====== DATA FOR ANALYSIS ======
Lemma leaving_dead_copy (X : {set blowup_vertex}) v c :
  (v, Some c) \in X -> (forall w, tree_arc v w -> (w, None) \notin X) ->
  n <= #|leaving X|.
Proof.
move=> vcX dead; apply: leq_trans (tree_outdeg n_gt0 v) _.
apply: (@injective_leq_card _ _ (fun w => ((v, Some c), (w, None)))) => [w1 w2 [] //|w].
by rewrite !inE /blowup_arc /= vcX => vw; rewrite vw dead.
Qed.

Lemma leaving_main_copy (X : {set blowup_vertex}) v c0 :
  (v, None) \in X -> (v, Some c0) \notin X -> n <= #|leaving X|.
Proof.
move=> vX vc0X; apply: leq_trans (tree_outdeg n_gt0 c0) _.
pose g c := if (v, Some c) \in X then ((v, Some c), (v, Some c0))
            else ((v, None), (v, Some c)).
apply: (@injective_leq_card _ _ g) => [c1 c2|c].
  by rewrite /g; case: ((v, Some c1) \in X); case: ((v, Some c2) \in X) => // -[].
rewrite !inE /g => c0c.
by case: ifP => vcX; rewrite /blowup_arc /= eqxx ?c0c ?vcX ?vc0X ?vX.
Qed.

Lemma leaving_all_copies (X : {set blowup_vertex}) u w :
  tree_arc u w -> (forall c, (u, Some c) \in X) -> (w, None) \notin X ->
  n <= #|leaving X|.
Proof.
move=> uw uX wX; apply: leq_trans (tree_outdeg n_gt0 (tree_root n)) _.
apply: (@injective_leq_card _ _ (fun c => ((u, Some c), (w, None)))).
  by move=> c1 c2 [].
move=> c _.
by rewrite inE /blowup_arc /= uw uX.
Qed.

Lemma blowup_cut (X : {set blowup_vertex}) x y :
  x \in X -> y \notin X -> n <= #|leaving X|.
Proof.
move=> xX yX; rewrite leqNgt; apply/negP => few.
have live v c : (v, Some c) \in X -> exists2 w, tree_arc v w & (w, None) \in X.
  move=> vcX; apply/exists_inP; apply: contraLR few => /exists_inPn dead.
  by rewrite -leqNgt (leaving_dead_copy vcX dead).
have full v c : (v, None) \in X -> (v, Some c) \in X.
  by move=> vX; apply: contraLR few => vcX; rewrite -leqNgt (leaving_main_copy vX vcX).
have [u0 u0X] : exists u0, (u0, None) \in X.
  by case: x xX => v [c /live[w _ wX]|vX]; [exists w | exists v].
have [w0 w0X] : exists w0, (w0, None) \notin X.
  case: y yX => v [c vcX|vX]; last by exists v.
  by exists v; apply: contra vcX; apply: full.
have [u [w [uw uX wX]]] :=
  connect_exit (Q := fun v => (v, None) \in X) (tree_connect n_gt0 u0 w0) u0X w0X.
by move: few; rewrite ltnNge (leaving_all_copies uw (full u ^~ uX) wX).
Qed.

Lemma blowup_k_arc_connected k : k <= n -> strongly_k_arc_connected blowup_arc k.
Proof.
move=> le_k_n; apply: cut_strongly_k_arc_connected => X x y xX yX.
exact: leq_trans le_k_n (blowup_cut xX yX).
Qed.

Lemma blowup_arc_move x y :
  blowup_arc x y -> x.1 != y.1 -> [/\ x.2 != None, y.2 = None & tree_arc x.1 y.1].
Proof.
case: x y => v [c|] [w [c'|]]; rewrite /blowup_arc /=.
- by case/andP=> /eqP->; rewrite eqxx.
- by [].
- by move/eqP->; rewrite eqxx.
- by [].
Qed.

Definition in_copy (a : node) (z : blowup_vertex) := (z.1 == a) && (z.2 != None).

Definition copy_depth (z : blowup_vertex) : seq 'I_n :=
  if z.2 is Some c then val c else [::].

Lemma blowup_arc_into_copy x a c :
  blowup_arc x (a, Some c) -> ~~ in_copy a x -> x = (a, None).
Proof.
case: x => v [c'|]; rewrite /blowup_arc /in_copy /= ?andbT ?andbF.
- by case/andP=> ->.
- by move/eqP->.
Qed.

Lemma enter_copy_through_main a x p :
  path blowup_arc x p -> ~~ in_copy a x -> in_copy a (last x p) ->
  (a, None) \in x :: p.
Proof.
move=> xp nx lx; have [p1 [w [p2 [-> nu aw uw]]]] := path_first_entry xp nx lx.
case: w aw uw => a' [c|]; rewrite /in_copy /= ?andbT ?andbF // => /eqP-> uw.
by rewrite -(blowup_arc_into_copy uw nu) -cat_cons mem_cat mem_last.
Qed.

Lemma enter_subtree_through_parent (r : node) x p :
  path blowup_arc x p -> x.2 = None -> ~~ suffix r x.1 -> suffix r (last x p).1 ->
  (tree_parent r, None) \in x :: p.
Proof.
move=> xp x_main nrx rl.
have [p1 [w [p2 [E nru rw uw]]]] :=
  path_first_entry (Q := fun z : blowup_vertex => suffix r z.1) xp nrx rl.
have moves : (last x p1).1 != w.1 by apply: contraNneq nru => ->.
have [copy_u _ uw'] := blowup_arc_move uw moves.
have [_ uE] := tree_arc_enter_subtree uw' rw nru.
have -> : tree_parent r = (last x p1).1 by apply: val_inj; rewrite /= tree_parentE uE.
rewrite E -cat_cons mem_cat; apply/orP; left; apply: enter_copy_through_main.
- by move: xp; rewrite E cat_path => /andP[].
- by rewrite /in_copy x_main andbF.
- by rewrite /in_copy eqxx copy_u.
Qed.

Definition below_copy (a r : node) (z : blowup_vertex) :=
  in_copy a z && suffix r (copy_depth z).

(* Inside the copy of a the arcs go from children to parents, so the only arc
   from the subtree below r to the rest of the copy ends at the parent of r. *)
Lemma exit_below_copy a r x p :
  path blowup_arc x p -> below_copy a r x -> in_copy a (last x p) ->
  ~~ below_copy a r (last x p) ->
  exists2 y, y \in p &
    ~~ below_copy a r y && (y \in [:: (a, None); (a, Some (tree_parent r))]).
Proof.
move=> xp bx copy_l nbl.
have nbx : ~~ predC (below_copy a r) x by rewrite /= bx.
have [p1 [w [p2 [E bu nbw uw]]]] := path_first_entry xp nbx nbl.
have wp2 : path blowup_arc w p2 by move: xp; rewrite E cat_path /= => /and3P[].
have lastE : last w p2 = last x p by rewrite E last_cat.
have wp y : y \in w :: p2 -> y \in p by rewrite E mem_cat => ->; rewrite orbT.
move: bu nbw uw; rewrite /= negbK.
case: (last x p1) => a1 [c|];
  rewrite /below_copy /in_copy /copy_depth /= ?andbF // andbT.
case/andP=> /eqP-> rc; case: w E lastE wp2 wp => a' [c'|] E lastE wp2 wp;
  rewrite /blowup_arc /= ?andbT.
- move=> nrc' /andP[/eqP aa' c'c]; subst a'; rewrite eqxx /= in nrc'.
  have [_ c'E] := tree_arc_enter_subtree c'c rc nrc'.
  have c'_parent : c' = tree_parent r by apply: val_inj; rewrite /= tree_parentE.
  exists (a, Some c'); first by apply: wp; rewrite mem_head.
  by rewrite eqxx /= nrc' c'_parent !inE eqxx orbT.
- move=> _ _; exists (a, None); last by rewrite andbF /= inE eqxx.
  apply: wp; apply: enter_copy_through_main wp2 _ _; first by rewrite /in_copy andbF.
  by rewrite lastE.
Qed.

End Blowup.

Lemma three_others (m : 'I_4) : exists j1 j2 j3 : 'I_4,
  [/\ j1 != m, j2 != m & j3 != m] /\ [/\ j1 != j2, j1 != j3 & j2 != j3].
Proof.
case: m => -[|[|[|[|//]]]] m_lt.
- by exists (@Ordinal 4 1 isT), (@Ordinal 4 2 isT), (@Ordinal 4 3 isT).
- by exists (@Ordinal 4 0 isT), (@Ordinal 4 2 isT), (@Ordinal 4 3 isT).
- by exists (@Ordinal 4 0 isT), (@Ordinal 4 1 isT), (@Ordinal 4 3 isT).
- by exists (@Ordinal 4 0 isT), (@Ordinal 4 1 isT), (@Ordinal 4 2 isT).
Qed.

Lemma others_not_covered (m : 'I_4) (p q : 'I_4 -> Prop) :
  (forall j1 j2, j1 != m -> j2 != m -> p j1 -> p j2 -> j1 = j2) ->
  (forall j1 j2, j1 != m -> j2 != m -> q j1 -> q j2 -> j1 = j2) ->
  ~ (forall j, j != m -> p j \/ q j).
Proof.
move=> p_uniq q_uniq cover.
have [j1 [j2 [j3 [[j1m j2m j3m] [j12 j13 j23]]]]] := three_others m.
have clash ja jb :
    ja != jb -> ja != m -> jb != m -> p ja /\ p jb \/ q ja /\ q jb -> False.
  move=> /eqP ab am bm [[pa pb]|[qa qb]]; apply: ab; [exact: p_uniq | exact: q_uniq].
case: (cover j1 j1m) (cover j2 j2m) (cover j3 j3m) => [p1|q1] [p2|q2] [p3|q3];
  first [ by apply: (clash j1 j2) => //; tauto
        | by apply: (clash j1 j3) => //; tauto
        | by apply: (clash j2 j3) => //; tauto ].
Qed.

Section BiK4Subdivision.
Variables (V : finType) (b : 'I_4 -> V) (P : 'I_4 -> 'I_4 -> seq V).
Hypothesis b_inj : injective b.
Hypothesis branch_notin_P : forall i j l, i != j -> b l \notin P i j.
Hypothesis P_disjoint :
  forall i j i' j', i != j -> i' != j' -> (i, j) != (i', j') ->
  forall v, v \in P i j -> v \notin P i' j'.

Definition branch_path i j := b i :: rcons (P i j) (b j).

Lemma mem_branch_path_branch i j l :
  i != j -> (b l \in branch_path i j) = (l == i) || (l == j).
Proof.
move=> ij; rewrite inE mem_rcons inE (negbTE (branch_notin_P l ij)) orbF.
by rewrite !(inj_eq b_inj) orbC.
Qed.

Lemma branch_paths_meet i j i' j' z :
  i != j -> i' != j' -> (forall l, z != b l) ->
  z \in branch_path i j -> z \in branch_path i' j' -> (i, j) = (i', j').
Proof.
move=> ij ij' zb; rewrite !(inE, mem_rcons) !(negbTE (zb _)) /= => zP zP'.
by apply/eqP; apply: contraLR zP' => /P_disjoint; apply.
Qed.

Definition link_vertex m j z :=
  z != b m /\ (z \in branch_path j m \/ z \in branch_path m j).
======
====== DATA FOR ANALYSIS ======
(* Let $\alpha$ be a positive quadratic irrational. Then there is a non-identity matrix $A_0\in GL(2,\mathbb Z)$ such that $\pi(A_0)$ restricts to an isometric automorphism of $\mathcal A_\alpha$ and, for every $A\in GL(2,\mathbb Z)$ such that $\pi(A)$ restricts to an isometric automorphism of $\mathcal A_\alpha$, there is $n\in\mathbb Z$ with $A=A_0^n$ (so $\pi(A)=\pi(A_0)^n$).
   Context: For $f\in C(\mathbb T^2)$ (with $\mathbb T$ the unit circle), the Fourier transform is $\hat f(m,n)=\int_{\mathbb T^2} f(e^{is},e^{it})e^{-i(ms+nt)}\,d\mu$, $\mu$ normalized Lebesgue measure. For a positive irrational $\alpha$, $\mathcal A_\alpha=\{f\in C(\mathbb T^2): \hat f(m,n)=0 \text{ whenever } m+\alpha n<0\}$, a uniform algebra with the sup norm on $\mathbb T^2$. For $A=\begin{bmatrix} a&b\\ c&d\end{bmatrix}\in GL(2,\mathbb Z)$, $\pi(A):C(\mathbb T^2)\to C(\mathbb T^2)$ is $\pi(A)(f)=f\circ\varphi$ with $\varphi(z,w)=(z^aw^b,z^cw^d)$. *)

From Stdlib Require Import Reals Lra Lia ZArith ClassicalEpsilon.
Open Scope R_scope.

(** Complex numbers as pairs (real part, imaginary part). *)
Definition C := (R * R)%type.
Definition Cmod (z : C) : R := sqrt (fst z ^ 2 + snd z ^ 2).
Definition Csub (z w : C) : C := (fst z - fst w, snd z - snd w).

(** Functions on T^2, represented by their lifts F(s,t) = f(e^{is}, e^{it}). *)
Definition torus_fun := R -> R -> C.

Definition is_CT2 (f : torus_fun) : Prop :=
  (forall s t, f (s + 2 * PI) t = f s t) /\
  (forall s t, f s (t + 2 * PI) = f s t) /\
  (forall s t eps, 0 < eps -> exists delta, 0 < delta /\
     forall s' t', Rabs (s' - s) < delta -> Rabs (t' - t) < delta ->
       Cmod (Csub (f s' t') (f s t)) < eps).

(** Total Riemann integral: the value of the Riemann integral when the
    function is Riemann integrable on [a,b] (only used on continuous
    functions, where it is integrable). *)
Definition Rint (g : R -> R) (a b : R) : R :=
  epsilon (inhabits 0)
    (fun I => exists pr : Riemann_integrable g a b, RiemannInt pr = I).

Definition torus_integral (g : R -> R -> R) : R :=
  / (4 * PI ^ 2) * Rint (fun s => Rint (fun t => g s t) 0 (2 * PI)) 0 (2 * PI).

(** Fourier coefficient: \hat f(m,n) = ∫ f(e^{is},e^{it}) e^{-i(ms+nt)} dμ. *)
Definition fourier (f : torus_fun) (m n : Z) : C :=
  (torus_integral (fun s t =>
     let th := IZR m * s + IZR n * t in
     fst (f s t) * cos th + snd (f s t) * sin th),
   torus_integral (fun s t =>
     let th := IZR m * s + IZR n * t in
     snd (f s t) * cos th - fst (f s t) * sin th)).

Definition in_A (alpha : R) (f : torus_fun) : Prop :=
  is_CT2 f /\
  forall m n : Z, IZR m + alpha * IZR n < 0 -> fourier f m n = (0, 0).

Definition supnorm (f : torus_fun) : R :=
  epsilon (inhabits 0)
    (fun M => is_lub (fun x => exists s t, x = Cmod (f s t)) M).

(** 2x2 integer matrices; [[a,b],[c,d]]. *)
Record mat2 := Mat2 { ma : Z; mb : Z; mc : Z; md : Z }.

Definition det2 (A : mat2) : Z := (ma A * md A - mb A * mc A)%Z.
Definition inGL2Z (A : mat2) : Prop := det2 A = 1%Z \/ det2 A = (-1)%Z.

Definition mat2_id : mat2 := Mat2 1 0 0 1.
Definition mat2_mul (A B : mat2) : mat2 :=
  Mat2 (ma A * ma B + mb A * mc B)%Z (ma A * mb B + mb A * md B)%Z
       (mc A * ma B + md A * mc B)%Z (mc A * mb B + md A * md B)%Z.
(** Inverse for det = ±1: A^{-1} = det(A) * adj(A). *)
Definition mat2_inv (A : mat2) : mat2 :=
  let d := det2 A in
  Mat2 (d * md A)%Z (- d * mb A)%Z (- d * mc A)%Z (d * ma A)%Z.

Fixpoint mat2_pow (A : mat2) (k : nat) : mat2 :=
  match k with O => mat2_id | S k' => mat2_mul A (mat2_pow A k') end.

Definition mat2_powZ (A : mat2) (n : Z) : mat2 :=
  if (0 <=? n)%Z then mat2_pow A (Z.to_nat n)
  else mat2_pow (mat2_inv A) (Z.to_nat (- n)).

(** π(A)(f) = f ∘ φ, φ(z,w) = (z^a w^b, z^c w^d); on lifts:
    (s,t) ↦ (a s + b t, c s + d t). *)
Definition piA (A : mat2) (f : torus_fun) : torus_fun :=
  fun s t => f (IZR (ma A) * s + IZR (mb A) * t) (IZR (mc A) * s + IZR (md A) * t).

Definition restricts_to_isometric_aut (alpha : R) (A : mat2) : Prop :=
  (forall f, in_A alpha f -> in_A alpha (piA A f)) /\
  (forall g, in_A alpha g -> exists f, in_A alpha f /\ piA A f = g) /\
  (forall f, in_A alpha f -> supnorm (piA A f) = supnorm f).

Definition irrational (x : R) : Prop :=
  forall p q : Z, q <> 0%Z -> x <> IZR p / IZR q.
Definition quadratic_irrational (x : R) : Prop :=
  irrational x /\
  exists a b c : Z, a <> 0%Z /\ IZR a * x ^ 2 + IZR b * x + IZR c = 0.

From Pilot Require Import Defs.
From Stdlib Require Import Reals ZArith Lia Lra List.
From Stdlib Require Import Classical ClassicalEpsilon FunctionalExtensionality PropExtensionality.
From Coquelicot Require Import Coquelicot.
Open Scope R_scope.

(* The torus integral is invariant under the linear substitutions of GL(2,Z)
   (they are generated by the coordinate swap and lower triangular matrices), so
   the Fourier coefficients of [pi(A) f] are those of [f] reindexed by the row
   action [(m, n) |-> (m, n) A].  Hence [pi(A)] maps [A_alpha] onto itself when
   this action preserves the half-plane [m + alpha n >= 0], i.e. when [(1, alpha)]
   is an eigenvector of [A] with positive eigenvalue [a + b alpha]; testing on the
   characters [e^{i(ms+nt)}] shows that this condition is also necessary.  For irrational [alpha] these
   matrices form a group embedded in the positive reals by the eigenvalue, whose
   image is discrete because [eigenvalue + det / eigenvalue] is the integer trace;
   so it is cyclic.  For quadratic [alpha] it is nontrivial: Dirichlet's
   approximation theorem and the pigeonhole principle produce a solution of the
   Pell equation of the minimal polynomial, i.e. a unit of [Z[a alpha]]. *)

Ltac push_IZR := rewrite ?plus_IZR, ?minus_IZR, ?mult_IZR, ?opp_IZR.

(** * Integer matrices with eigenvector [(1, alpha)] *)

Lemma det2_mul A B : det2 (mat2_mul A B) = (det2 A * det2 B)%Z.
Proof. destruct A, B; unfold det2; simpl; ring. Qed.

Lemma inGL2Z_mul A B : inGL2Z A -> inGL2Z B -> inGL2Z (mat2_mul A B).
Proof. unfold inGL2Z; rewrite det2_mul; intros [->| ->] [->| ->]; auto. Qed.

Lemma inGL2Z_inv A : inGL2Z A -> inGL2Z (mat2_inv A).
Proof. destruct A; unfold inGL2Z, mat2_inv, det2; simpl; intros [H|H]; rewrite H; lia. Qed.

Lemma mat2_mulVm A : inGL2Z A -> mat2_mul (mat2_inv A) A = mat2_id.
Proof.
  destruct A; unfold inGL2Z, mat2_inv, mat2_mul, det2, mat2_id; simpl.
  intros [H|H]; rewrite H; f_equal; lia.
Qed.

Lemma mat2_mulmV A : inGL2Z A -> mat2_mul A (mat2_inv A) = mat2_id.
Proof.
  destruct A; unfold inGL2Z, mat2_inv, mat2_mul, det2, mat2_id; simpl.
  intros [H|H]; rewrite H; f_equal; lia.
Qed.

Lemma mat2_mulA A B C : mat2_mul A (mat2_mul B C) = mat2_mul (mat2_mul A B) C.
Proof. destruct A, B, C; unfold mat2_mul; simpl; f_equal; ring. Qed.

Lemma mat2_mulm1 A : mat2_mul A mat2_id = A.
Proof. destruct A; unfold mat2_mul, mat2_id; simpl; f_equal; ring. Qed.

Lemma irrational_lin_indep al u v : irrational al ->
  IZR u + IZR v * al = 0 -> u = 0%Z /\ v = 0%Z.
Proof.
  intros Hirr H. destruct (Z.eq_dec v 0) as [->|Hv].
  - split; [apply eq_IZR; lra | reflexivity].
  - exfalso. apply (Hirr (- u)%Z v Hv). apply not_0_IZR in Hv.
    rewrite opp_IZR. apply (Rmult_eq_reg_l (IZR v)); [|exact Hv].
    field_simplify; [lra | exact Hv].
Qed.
======
## AIM OF THE EXERCISE:
Starting with the line that holds "Definition torus_fun := R -> R -> C." and ending with the line that holds "forall s' t', Rabs", retype every line in the data above exactly, and nothing else.

## TASK SOLUTION:
Definition torus_fun := R -> R -> C.

Definition is_CT2 (f : torus_fun) : Prop :=
  (forall s t, f (s + 2 * PI) t = f s t) /\
  (forall s t, f s (t + 2 * PI) = f s t) /\
  (forall s t eps, 0 < eps -> exists delta, 0 < delta /\
     forall s' t', Rabs (s' - s) < delta -> Rabs (t' - t) < delta ->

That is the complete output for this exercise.